If I did toss my 667 and install two 800s, would my machine be able to run the memory at 800MHz, or is my laptop's motherboard limited to 667MHz of RAM speed? Is there a noticeable difference between the two speeds for most apps?


----------



## GZ (Jan 31, 2010)

*Re: Can I use the wrong type of RAM in my laptop?*

The machine will still downclock the RAM, but the difference in speeds (likely voltages and timings as well) can cause system instability and unforseen issues. It is always best to have matched DIMMs.


----------



## Rich-M (May 2, 2007)

*Re: Can I use the wrong type of RAM in my laptop?*

Mixing different ram for speed and model and brand, gives the highest likelihood of incompatibility.


----------



## Tyree (May 10, 2009)

*Re: Can I use the wrong type of RAM in my laptop?*

I would also suggest trying Crucial's site. Crucial is the best option for OEM/standrad use and has a very high likelihood of compatibility.


----------



## joeten (Dec 4, 2008)

*Re: Can I use the wrong type of RAM in my laptop?*

I would take the advice here as being in your best interest crucial is your best answer


----------



## gumbyy (Mar 11, 2009)

*Re: Can I use the wrong type of RAM in my laptop?*

Thanks again. I'll see if i can trade in my 667 and get 2 800s. I can't mail order Crucial memory, the shipping and import taxes would make it ridiculously expensive.


----------



## gumbyy (Mar 11, 2009)

*Re: Can I use the wrong type of RAM in my laptop?*

By the way, the System Information for Windows utility tells me that my existing 667 memory is running at only 333 MHz. Why is that?


----------



## gcavan (Aug 13, 2009)

*Re: Can I use the wrong type of RAM in my laptop?*

333 MHz is the clock speed. DDR memory cycles on the rising and falling sides of each clock cycle to give a memory speed of 666 MHz Thus its name; *D*ouble *D*ata *R*ate.


----------



## gumbyy (Mar 11, 2009)

*Re: Can I use the wrong type of RAM in my laptop?*

Okay. Thanks for explaining.


----------



## gumbyy (Mar 11, 2009)

*Re: Can I use the wrong type of RAM in my laptop?*

Can I install a 2 GB module instead of a 1 GB? I read somewhere that if you have two slots you should install the same capacity RAM in each one. So since I have 1 GB in one slot, I shouldn't try to put a 2 GB module in the other slot to bring total to 3 GB?


----------



## gcavan (Aug 13, 2009)

*Re: Can I use the wrong type of RAM in my laptop?*

No reason why you cannot. 

For best results both DIMM's should be identical, but it is not mandatory. What will most likely happen, Windows will accept and use all 3GB but only the 1GB DIMM and the first 1GB of the 2GB DIMM will operate in dual channel mode. You may take a slight (probably not noticeable) hit in memory access time over what it would be if 2 x 2GB were used.


----------



## gumbyy (Mar 11, 2009)

*Re: Can I use the wrong type of RAM in my laptop?*



gcavan said:


> No reason why you cannot.
> 
> For best results both DIMM's should be identical, but it is not mandatory. What will most likely happen, Windows will accept and use all 3GB but only the 1GB DIMM and the first 1GB of the 2GB DIMM will operate in dual channel mode. You may take a slight (probably not noticeable) hit in memory access time over what it would be if 2 x 2GB were used.
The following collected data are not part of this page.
(** Gradient bound: if every logit is below [M <= -1], then [|dL/do_k|] is at
    most [C exp (M + 1)], where [C] is the Lipschitz constant of the loss in
    [alpha_k]; indeed [alpha_k - 1 = A(o_k)] moves by at most [exp (M + 1)]
    times the change of [o_k] for perturbations of size [< 1]. *)
Lemma dloss_dlogit_exp_bound (L : loss_kind) (A : activation) (K k : nat) (y : nat -> R) :
  A = SoftPlus \/ A = ExpAct -> (k < K)%nat ->
  exists C, 0 <= C /\ forall (o : nat -> R) (M : R), M <= -1 ->
    logits_below K M o -> Rabs (dloss_dlogit L A K y o k) <= C * exp (M + 1).
Proof.
  intros HA Hk. destruct (bl_loss K k y Hk L) as [B [C [_ [HC Hlip]]]].
  exists C. split; [exact HC|]. intros o M HM Ho.
  assert (Hbox : dirichlet_box K (alpha_of A o)).
  { intros j Hj. unfold alpha_of.
    pose proof (act_range A HA (o j) ltac:(specialize (Ho j Hj); lra)). lra. }
  assert (Hok : o k < M) by (apply Ho, Hk).
  apply Derive_abs_le. intros h [Hh0 Hh1].
  unfold loss_of_logits. rewrite !alpha_of_upd.
  assert (Hh : - 1 < h < 1) by (apply Rabs_def2 in Hh1; lra).
  pose proof (act_range A HA (o k + h) ltac:(lra)).
  pose proof (act_range A HA (o k) ltac:(lra)).
  destruct (Hlip (alpha_of A o) (act A (o k + h) + 1) (act A (o k) + 1) Hbox)
    as [_ Hloss]; unfold param_range; try lra.
  replace (act A (o k + h) + 1 - (act A (o k) + 1)) with (act A (o k + h) - act A (o k))
    in Hloss by ring.
  pose proof (act_lipschitz A HA (o k + h) (o k)) as Hact.
  replace (o k + h - o k) with h in Hact by ring.
  assert (Hmax : exp (Rmax (o k + h) (o k)) <= exp (M + 1)).
  { apply exp_le_compat, Rmax_lub; lra. }
  unfold Rdiv. rewrite Rabs_mult, Rabs_inv.
  apply (Rmult_le_reg_r (Rabs h)); [exact Hh0|].
  rewrite Rmult_assoc, Rinv_l, Rmult_1_r by lra.
  eapply Rle_trans; [exact Hloss|]. rewrite Rmult_assoc.
  apply Rmult_le_compat_l; [exact HC|].
  eapply Rle_trans; [exact Hact|].
  apply Rmult_le_compat_r; [apply Rabs_pos | exact Hmax].
Qed.

Lemma dloss_dlogit_vanishes (L : loss_kind) (A : activation) (K k : nat) (y : nat -> R) :
  A = SoftPlus \/ A = ExpAct -> (k < K)%nat ->
  forall eps, 0 < eps -> exists M, forall o : nat -> R,
    logits_below K M o -> Rabs (dloss_dlogit L A K y o k) < eps.
Proof.
  intros HA Hk eps Heps.
  destruct (dloss_dlogit_exp_bound L A K k y HA Hk) as [C [HC Hbound]].
  assert (Hq : 0 < eps / (C + 1)) by (apply Rdiv_lt_0_compat; lra).
  set (M := Rmin (-1) (ln (eps / (C + 1)) - 1)).
  assert (HM : M <= -1) by apply Rmin_l.
  assert (Hexp : exp (M + 1) <= eps / (C + 1)).
  { rewrite <- (exp_ln (eps / (C + 1))) by exact Hq.
    apply exp_le_compat. unfold M. pose proof (Rmin_r (-1) (ln (eps / (C + 1)) - 1)). lra. }
  exists M. intros o Ho.
  eapply Rle_lt_trans; [exact (Hbound o M HM Ho)|].
  apply Rle_lt_trans with (C * (eps / (C + 1))); [apply Rmult_le_compat_l; assumption|].
  apply (Rmult_lt_reg_r (C + 1)); [lra|].
  unfold Rdiv. rewrite Rmult_assoc, (Rmult_assoc eps), Rinv_l by lra. nra.
Qed.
Thanks gcavan. Well I am running XP and I don't know anything about dual channel mode or other RAM technical stuff. If I install a 2 GB module in there, to bring the total to 3 GB, will I get the performance benefit of the third GB or not? If not, there's no reason to spend the extra money on a 2 GB module and I will just buy a 1 GB.


----------



## Rich-M (May 2, 2007)

*Re: Can I use the wrong type of RAM in my laptop?*

Yes you will see a difference and it will be worth it. Dual channel will give you better performance using the same exact ram in 2 slots, but 3 gb will give your more responsiveness than 2 used that way.


----------



## gumbyy (Mar 11, 2009)

*Re: Can I use the wrong type of RAM in my laptop?*

Thanks, Rich-M


----------



## Rich-M (May 2, 2007)

*Re: Can I use the wrong type of RAM in my laptop?*

Welcome.


----------